**Exercise prompt:**
Each line below from the one containing "Set Implicit Arguments." through the one containing "(a : ksub n" is to be given again exactly, and no line outside that span.

**Record excerpts:**
(* For positive integers $k\le n$: $\theta_k(\ell_1,\ell_2)\le \sqrt{n}^{\,k}$; $\theta_k(\ell_1,\ell_\infty)\le n^k$; $\theta_k(\ell_2,\ell_1)\le (n/k)^{k/2}$; $\theta_k(\ell_2,\ell_\infty)\le (n/k)^{k/2}\sqrt{n}^{\,k}$; $\theta_k(\ell_\infty,\ell_1)\le \binom nk (k+1)^{(k-1)/2}$ if $k<n$ and $\le \sqrt n^{\,n}$ if $k=n$; $\theta_k(\ell_\infty,\ell_2)\le \binom nk (k+1)^{(k-1)/2}$ if $k<n$ and $\le \sqrt n^{\,n}$ if $k=n$.
   Context: $C_k(B)$ is the $k$th compound of $B\in\mathbb{C}^{n\times n}$ (the $\binom nk\times\binom nk$ matrix of $k\times k$ minors $\det B(\alpha|\beta)$). $\theta_k(\mu,\nu)=\max\{\mu(C_k(B)): B\in\mathbb{C}^{n\times n},\ \nu(\mathrm{col}_i(B))=1,\ i=1,\ldots,n\}$, with $\mathrm{col}_i(B)$ the $i$th column. In $\theta_k(\ell_p,\ell_q)$, the first argument $\ell_p$ denotes the matrix operator norm induced by the vector $\ell_p$ norm (applied to $C_k(B)$), and the second denotes the vector $\ell_q$ norm (applied to columns of $B$). *)

From HB Require Import structures.
From mathcomp Require Import all_boot all_order all_algebra.
From mathcomp Require Import classical_sets reals.
From mathcomp Require Import complex.
Set Implicit Arguments.
Unset Strict Implicit.
Unset Printing Implicit Defensive.
Import Order.TTheory GRing.Theory Num.Theory.
Local Open Scope ring_scope.
Local Open Scope classical_set_scope.

Definition cabs {R : realType} (z : R[i]) : R :=
  let: Complex a b := z in Num.sqrt (a ^+ 2 + b ^+ 2).

Inductive lp := l1 | l2 | linf.

Definition vnorm {R : realType} (p : lp) {n : nat} (x : 'cV[R[i]]_n) : R :=
  match p with
  | l1 => \sum_(i < n) cabs (x i 0)
  | l2 => Num.sqrt (\sum_(i < n) cabs (x i 0) ^+ 2)
  | linf => \big[Num.max/0]_(i < n) cabs (x i 0)
  end.

Definition opnorm {R : realType} (p : lp) {m n : nat} (A : 'M[R[i]]_(m, n)) : R :=
  sup [set vnorm p (A *m x) | x in [set x : 'cV[R[i]]_n | vnorm p x = 1]].

Definition ksub (n k : nat) := {S : {set 'I_n} | #|S| == k}.

(* increasing enumeration 'I_k -> 'I_n of a k-subset *)
Definition ksub_idx {n k : nat} (a : ksub n k) (i : 'I_k) : 'I_n :=
  @enum_val _ (mem (val a)) (cast_ord (esym (eqP (valP a))) i).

**Your response:**
Set Implicit Arguments.
Unset Strict Implicit.
Unset Printing Implicit Defensive.
Import Order.TTheory GRing.Theory Num.Theory.
Local Open Scope ring_scope.
Local Open Scope classical_set_scope.

Definition cabs {R : realType} (z : R[i]) : R :=
  let: Complex a b := z in Num.sqrt (a ^+ 2 + b ^+ 2).

Inductive lp := l1 | l2 | linf.

Definition vnorm {R : realType} (p : lp) {n : nat} (x : 'cV[R[i]]_n) : R :=
  match p with
  | l1 => \sum_(i < n) cabs (x i 0)
  | l2 => Num.sqrt (\sum_(i < n) cabs (x i 0) ^+ 2)
  | linf => \big[Num.max/0]_(i < n) cabs (x i 0)
  end.

Definition opnorm {R : realType} (p : lp) {m n : nat} (A : 'M[R[i]]_(m, n)) : R :=
  sup [set vnorm p (A *m x) | x in [set x : 'cV[R[i]]_n | vnorm p x = 1]].

Definition ksub (n k : nat) := {S : {set 'I_n} | #|S| == k}.

(* increasing enumeration 'I_k -> 'I_n of a k-subset *)
Definition ksub_idx {n k : nat} (a : ksub n k) (i : 'I_k) : 'I_n :=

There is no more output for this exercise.